The next Model Fund Portfolio column will be in the August AAII Journal. Check www.aaii.com/model-portfolios/fund for updates.

Model Fund Portfolio: Selection Rationale

First Methodology

The fund selection rationale consists of two distinct approaches. The first approach is to select actively managed funds where the managers have shown a long-term ability to outperform the market after allowing for additional portfolio risk, regardless of the sector invested in. A fund must have the following characteristics to be considered for the Model Fund Portfolio:

  1. It must be a pure no-load fund. Short-term holding penalties are allowed if paid to the fund and not the manager.
  2. It must have been active for 10 years. However, exceptions are possible.
  3. It must have outperformed the S&P 500 index over the past five-year and 10-year periods.
  4. In its worst three-year (calendar) period, it must not have had a loss; or, in particularly difficult market periods, its loss must have been substantially less than that of the S&P 500 index.
  5. Its expense ratio must not be above 1.25%. Lower ratios will increase desirability.
  6. Fund assets must not be over $10 billion. Some exceptions are permitted, depending on fund objectives.
  7. It must currently be open to individual investors, with a minimum investment of $25,000 or less.

The above rules apply to new fund selections. Funds will not automatically be eliminated if they later violate the rules without considering other factors.

Second Methodology

The second methodology selects investment approaches that have provided excess returns or reduced portfolio risk to investors over the long term and then searches for the best traditional fund or exchange-traded fund (ETF) in that area. Factors to be considered are:

  1. The liquidity of the fund.
  2. The resources of the management company, in the case of ETFs.
  3. The investment returns and risk over as long a term as possible, given the newness of so many ETFs.
  4. Selection of areas with demonstrated long-term excess returns: value stocks, small-cap stocks, real estate and special areas where individuals cannot easily invest. An example of a fund in a special area would be Fidelity Capital & Income fund (FAGIX), which invests in distressed securities.
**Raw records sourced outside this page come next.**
Lemma event_E_cover A B N (m : nat) (w : {ffun site N -> bool}) :
  Z.abs A + Z.abs B <= Z.of_nat N -> 2 * Z.of_nat m <= B - A - 10 ->
  event_E A B (occ_of w) ->
  exists2 j, (#|rect_of j| <= Z.to_nat ((B - A) * A))%nat &
             (m <= #|[set s in rect_of j | w s]|)%nat.
Proof.
move=> hN hm [a [b [c [d [ha [hb [dims G]]]]]]].
have [s1 eq1] : exists s : site N, Defs.coord s = (a, b) by apply: site_of_coord; lia.
have [s2 eq2] : exists s : site N, Defs.coord s = (c, d) by apply: site_of_coord; lia.
have rect_s12 : rect_of (s1, s2) = rect N a b c d by rewrite /rect_of eq1 eq2.
exists (s1, s2); rewrite rect_s12.
  apply: leq_trans (card_rect N a b c d) _; case: dims => dims; nia.
case: dims => [[long _] | [_ long]].
- by apply: card_occupied_rect_cols G; lia.
- by apply: card_occupied_rect_rows G; lia.
Qed.

Local Close Scope Z_scope.

Lemma prob_box_event_E_le A B N (m : nat) (p t : R) :
  0 <= p -> p <= 1 -> 1 <= t ->
  (Z.abs A + Z.abs B <= Z.of_nat N)%Z -> (2 * Z.of_nat m <= B - A - 10)%Z ->
  prob_box N p (event_E A B) <=
  #|{: site N * site N}|%:R * ((1 + p * (t - 1)) ^+ Z.to_nat ((B - A) * A) / t ^+ m).
Proof.
move=> p_ge0 p_le1 t_ge1 hN hm; rewrite /prob_box -/(prob p _).
set n := Z.to_nat _; set bound := _ / _.
have base_ge1 : 1 <= 1 + p * (t - 1) by rewrite lerDl mulr_ge0 // subr_ge0.
have tm_gt0 : 0 < t ^+ m by rewrite exprn_gt0 // (lt_le_trans ltr01).
have bound_ge0 : 0 <= bound.
  by apply: divr_ge0 (ltW tm_gt0); rewrite exprn_ge0 // (le_trans ler01).
apply: le_trans (prob_union p_ge0 p_le1 (D := fun j => (#|rect_of j| <= n)%nat)
  (Q := fun j w => (m <= #|[set s in rect_of j | w s]|)%nat)
  (fun w => event_E_cover (w := w) hN hm)) _.
apply: le_trans (_ : \sum_(j | (#|rect_of j| <= n)%nat) bound <= _).
  apply: ler_sum => j small; rewrite ler_pdivlMr //.
  apply: le_trans (prob_card_ge p_ge0 p_le1 _ _ t_ge1) _.
  exact: ler_weXn2l.
rewrite sumr_const mulrC mulr_natr; apply: ler_wpMn2l => //.
by rewrite max_card.
Qed.

Local Close Scope ring_scope.
Local Open Scope R_scope.

Lemma exp_le_compat x y : x <= y -> exp x <= exp y.
Proof. by case/Rle_lt_or_eq_dec => [/exp_increasing/Rlt_le | ->] //; apply: Rle_refl. Qed.

Lemma ln_le_compat x y : 0 < x -> x <= y -> ln x <= ln y.
Proof.
by move=> x_gt0; case/Rle_lt_or_eq_dec => [/(ln_increasing _ _ x_gt0)/Rlt_le | ->] //;
  apply: Rle_refl.
Qed.

Lemma ln_le_sub1 x : 0 < x -> ln x <= x - 1.
Proof.
move=> x_gt0; rewrite -[X in X - 1](exp_ln x) //.
have := exp_ineq1_le (ln x); lra.
Qed.

Lemma exp_pow_nat x n : exp x ^ n = exp (INR n * x).
Proof. by rewrite -Rpower_pow ?/Rpower ?ln_exp //; apply: exp_pos. Qed.

Lemma qof_bounds p : 0 < p < 1 / 10 -> p <= qof p < 1 / 9.
Proof.
move=> hp; rewrite /qof; split.
  have /ln_le_sub1 : 0 < 1 - p by lra.
  lra.
have inv_gt0 : 0 < / (1 - p) by apply: Rinv_0_lt_compat; lra.
have := ln_le_sub1 inv_gt0; rewrite ln_Rinv; last lra.
have : / (1 - p) < 10 / 9.
  rewrite -[10 / 9]Rinv_div; apply: Rinv_lt_contravar; lra.
lra.
Qed.

(* With the tilt [t = 1 + 1 / (a p)] one has [p (t - 1) = 1 / a]. *)
Lemma chernoff_ratio_le (p a : R) (n m : nat) : 0 < p -> 0 < a ->
  (1 + p * (1 + / (a * p) - 1)) ^ n / (1 + / (a * p)) ^ m <= exp (INR n / a) * (a * p) ^ m.
Proof.
move=> p_gt0 a_gt0; have ap_gt0 : 0 < a * p by apply: Rmult_lt_0_compat.
have inv_ap_gt0 := Rinv_0_lt_compat _ ap_gt0.
have -> : p * (1 + / (a * p) - 1) = / a by field; lra.
rewrite /Rdiv -pow_inv; apply: Rmult_le_compat.
- by apply: pow_le; have := Rinv_0_lt_compat _ a_gt0; lra.
- by apply: pow_le; apply: Rlt_le; apply: Rinv_0_lt_compat; lra.
- rewrite -exp_pow_nat; apply: pow_incr; split.
    by have := Rinv_0_lt_compat _ a_gt0; lra.
  exact: exp_ineq1_le.
- apply: pow_incr; split; first by apply: Rlt_le; apply: Rinv_0_lt_compat; lra.
  rewrite -[X in _ <= X]Rinv_inv; apply: Rinv_le_contravar => //; lra.
Qed.

Lemma sqrt_exp x : sqrt (exp x) = exp (x / 2).
Proof.
have -> : exp x = exp (x / 2) * exp (x / 2) by rewrite -exp_plus; f_equal; field.
by rewrite sqrt_square //; apply: Rlt_le; apply: exp_pos.
Qed.

Lemma chernoff_term_le (p u L a : R) (n m : nat) :
  0 < p -> p * u <= 1 -> u = exp L -> 12 <= L -> sqrt u <= a < sqrt u + 1 ->
  INR n <= (2 * INR m + 11) * a ->
  (1 + p * (1 + / (a * p) - 1)) ^ n / (1 + / (a * p)) ^ m <= exp (11 - INR m * L / 4).
Proof.
move=> p_gt0 pu_le1 u_def L_ge12 [a_lo a_hi] n_le.
have s_def : sqrt u = exp (L / 2) by rewrite u_def sqrt_exp.
have s_ge1 : 1 <= sqrt u by rewrite s_def; have := exp_ineq1_le (L / 2); lra.
have s_sq : sqrt u * sqrt u = u by apply: sqrt_sqrt; rewrite u_def; apply/Rlt_le/exp_pos.
have a_gt0 : 0 < a by lra.
have m_ge0 := pos_INR m.
apply: Rle_trans (chernoff_ratio_le n m p_gt0 a_gt0) _.
have exp_n_le : exp (INR n / a) <= exp 11 * exp 2 ^ m.
  rewrite exp_pow_nat -exp_plus; apply: exp_le_compat.
  apply: (Rmult_le_reg_r a) => //; rewrite /Rdiv Rmult_assoc Rinv_l; lra.
have ap_le : exp 2 * (a * p) <= exp (- (L / 4)).
  have aps_le2 : a * p * sqrt u <= 2.
    have : a * (p * sqrt u) <= 2 * sqrt u * (p * sqrt u).
      by apply: Rmult_le_compat_r; [apply: Rmult_le_pos|]; lra.
    rewrite -s_sq in pu_le1; lra.
  have exp_quarter : 2 * exp 2 <= exp (- (L / 4)) * sqrt u.
    rewrite s_def -exp_plus (_ : - (L / 4) + L / 2 = 2 + (L / 4 - 2)); last field.
    rewrite exp_plus; have := exp_ineq1_le (L / 4 - 2); have := exp_pos 2; nra.
  have := exp_pos 2; nra.
have -> : exp (11 - INR m * L / 4) = exp 11 * exp (- (L / 4)) ^ m.
  by rewrite exp_pow_nat -exp_plus; f_equal; field.
apply: Rle_trans (Rmult_le_compat_r _ _ _ _ exp_n_le) _.
  by apply: pow_le; apply: Rlt_le; apply: Rmult_lt_0_compat.
rewrite Rmult_assoc -Rpow_mult_distr; apply: Rmult_le_compat_l.
  by apply: Rlt_le; apply: exp_pos.
apply: pow_incr; split=> //; apply: Rmult_le_pos; [apply/Rlt_le/exp_pos | nra].
Qed.

Lemma small_q_bound (p u L a b K c : R) (n m : nat) :
  0 < p -> p * u <= 1 -> u = exp L -> 20 <= L ->
  sqrt u <= a < sqrt u + 1 -> u * L - 1 < b <= u * L ->
  INR n <= (b - a) * a -> b - a - 11 <= 2 * INR m ->
  0 <= K <= (2 * (a + b) + 1) ^ 4 -> c <= / 32 ->
  K * ((1 + p * (1 + / (a * p) - 1)) ^ n / (1 + / (a * p)) ^ m) <= exp (- (c * u * L ^ 2)).
Proof.
move=> p_gt0 pu_le1 u_def L_ge20 a_bounds [b_lo b_hi] n_le m_ge [K_ge0 K_le] c_le.
have u_ge : 1 + L <= u by rewrite u_def; apply: exp_ineq1_le.
have s_sq : sqrt u * sqrt u = u by apply: sqrt_sqrt; lra.
have s_ge0 := sqrt_pos u.
have s_le_u : sqrt u <= u by nra.
have uL_ge : 20 * u <= u * L by nra.
have term := chernoff_term_le (n := n) (m := m) p_gt0 pu_le1 u_def ltac:(lra) a_bounds ltac:(nra).
have K_le_exp : K <= exp (12 * L).
  have -> : exp (12 * L) = (u ^ 3) ^ 4.
    by rewrite u_def !exp_pow_nat; f_equal; simpl; ring.
  apply: Rle_trans K_le _; apply: pow_incr; split; first lra.
  have : 2 * u * u + 2 * u + 3 <= u * u * u by nra.
  have : L * u <= u * u by nra.
  simpl; nra.
have m_lo : u * L / 4 <= INR m by nra.
apply: Rle_trans (Rmult_le_compat_l _ _ _ K_ge0 term) _.
apply: Rle_trans (Rmult_le_compat_r _ _ _ (Rlt_le _ _ (exp_pos _)) K_le_exp) _.
rewrite -exp_plus; apply: exp_le_compat.
have : 420 * L <= u * L * L by nra.
have : c * (u * L * L) <= / 32 * (u * L * L) by apply: Rmult_le_compat_r; nra.
simpl; nra.
Qed.

Definition box_size_max : R := (2 * (21 * exp 20 + 1) + 1) ^ 2.

(* For log q^-1 < 20, [exp (box_size_max * ln (9/10))] bounds [(1 - p) ^ #|box|]
   from below and [400 * exp 20] bounds [q^-1 (log q^-1)^2] from above. *)
Definition c_large : R := exp (box_size_max * ln (9 / 10)) / (400 * exp 20).

Lemma c_large_gt0 : 0 < c_large.
Proof.
apply: Rdiv_lt_0_compat; first exact: exp_pos.
by have := exp_pos 20; lra.
Qed.

Lemma large_q_bound (p u L a b c : R) (n : nat) :
  0 < p < 1 / 10 -> u = exp L -> 0 <= L < 20 ->
  0 <= a < sqrt u + 1 -> 0 <= b <= u * L -> INR n = (2 * (a + b) + 1) ^ 2 ->
  c <= c_large -> 1 - (1 - p) ^ n <= exp (- (c * u * L ^ 2)).
Proof.
move=> p_bounds u_def L_bounds a_bounds b_bounds n_def c_le.
have u_ge1 : 1 <= u by rewrite u_def; have := exp_ineq1_le L; lra.
have u_lt : u < exp 20 by rewrite u_def; apply: exp_increasing; lra.
have s_le_u : sqrt u <= u.
  have s_sq : sqrt u * sqrt u = u by apply: sqrt_sqrt; lra.
  have := sqrt_pos u; nra.
have ln_lt0 : ln (9 / 10) < 0 by rewrite -ln_1; apply: ln_increasing; lra.
have n_le : INR n <= box_size_max.
  rewrite n_def /box_size_max; apply: pow_incr; split; first lra.
  have : L * u <= 20 * exp 20 by apply: Rmult_le_compat; lra.
  lra.
set delta := exp (box_size_max * ln (9 / 10)).
have delta_le : delta <= (1 - p) ^ n.
  apply: Rle_trans (pow_incr (9 / 10) (1 - p) n _); last lra.
  rewrite -[9 / 10]exp_ln ?exp_pow_nat ?ln_exp; last lra.
  by apply: exp_le_compat; nra.
apply: (Rle_trans _ (exp (- delta))); first by have := exp_ineq1_le (- delta); lra.
apply: exp_le_compat; apply: Ropp_le_contravar.
have uL2_le : u * L ^ 2 <= 400 * exp 20.
  have : L ^ 2 <= 400 by simpl; nra.
  have : 0 <= L ^ 2 by apply: pow2_ge_0.
  nra.
have c_large_def : c_large * (400 * exp 20) = delta.
  by rewrite /c_large /delta; field; have := exp_pos 20; lra.
have := c_large_gt0; have : 0 <= u * L ^ 2 by apply: Rmult_le_pos; [lra | apply: pow2_ge_0].
nra.
Qed.

Lemma PE_le_compl_empty p : 0 < p < 1 -> (12 <= Bof p - Aof p)%Z ->
  PE p <= 1 - (1 - p) ^ #|{: site (boxN p)}|.
Proof.
move=> [p_gt0 p_lt1] gap; rewrite RpowE; apply/RleP.
by apply: prob_le_compl_empty (@event_E_empty _ _ _ gap); apply/RleP/Rlt_le.
Qed.

Lemma PE_le_chernoff p t (m : nat) : 0 < p < 1 -> 1 <= t ->
  (2 * Z.of_nat m <= Bof p - Aof p - 10)%Z ->
  PE p <= INR #|{: site (boxN p) * site (boxN p)}| *
          ((1 + p * (t - 1)) ^ Z.to_nat ((Bof p - Aof p) * Aof p) / t ^ m).
Proof.
move=> [p_gt0 p_lt1] t_ge1 hm; rewrite !RpowE INRE; apply/RleP.
apply: prob_box_event_E_le hm; [exact/RleP/Rlt_le | exact/RleP/Rlt_le | exact/RleP |].
by rewrite /boxN Z2Nat.id; lia.
Qed.

Lemma Aof_bounds p : 0 < p < 1 / 10 -> sqrt (/ qof p) <= IZR (Aof p) < sqrt (/ qof p) + 1.
Proof.
move=> /qof_bounds q_bounds.
have : IZR (Aof p) - 1 < / sqrt (qof p) <= IZR (Aof p) := Zceil_bound _.
rewrite sqrt_inv; lra.
Qed.

Lemma Bof_bounds p : / qof p * ln (/ qof p) - 1 < IZR (Bof p) <= / qof p * ln (/ qof p).
Proof.
have : IZR (Bof p) <= / qof p * ln (/ qof p) < IZR (Bof p) + 1 := Zfloor_bound _.
lra.
Qed.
Portfolio Management Notes

  • The Model Fund Portfolio is meant to be a portfolio, and we suggest you invest in the entire portfolio on an equal investment basis—that is, invest equal dollar amounts in each fund initially.
  • If a fund is closed, create your portfolio from the remaining funds.
  • You may make adjustments based on your non-fund holdings. For example, if you have partnership or individual holdings in investment real estate (not personal housing), you may reduce or eliminate any REIT funds.
  • There is no need to rebalance on a regular basis. Rebalancing can be accomplished when there are portfolio changes or if one holding gets way out of line. We will notify you of any rebalancing in the Model Fund Portfolio.
James B. Cloonan is founder and chairman of AAII.


Gary from CA posted over 2 years ago:

I think there's an error in the Market Cap Size shown for CHTTX in Table 1. All information I can find, including AAII's 2013 fund listings, points to this fund as a Mid-Cap fund.

Jerry from Tennessee posted over 2 years ago:

I realize that the mutual fund portfolio has outperformed the Vanguard 500 Index fund over the long term, although it has trailed the Vanguard fund over the short term, but, I am concerned over the expense ratios of your four mutual funds. The highest one is 1.25%, while the lowest one is 0.77%.

With that being said, I am very fortunate to work for a company that has an excellent 401K plan with Vanguard. This plan mostly includes index funds, but it does have a few actively managed funds as well. My company also matches 50% contributions up to 10%. So in other words it will match my 10% contributions with a 5% contribution. I am currently up to 8% with a 4% match, but hopefully in less than a year, I will be at 10% and able to capture the full 50% match of 5%. Most of these funds are index funds, but even the active funds have expense ratios of of less than 0.4%. I am just confused on how you can justify expense ratios of greater than 1% and as much as 1.25%?

Peter from FL posted over 2 years ago:

Is the Model portfolio equak weight? If not, what is the distribution?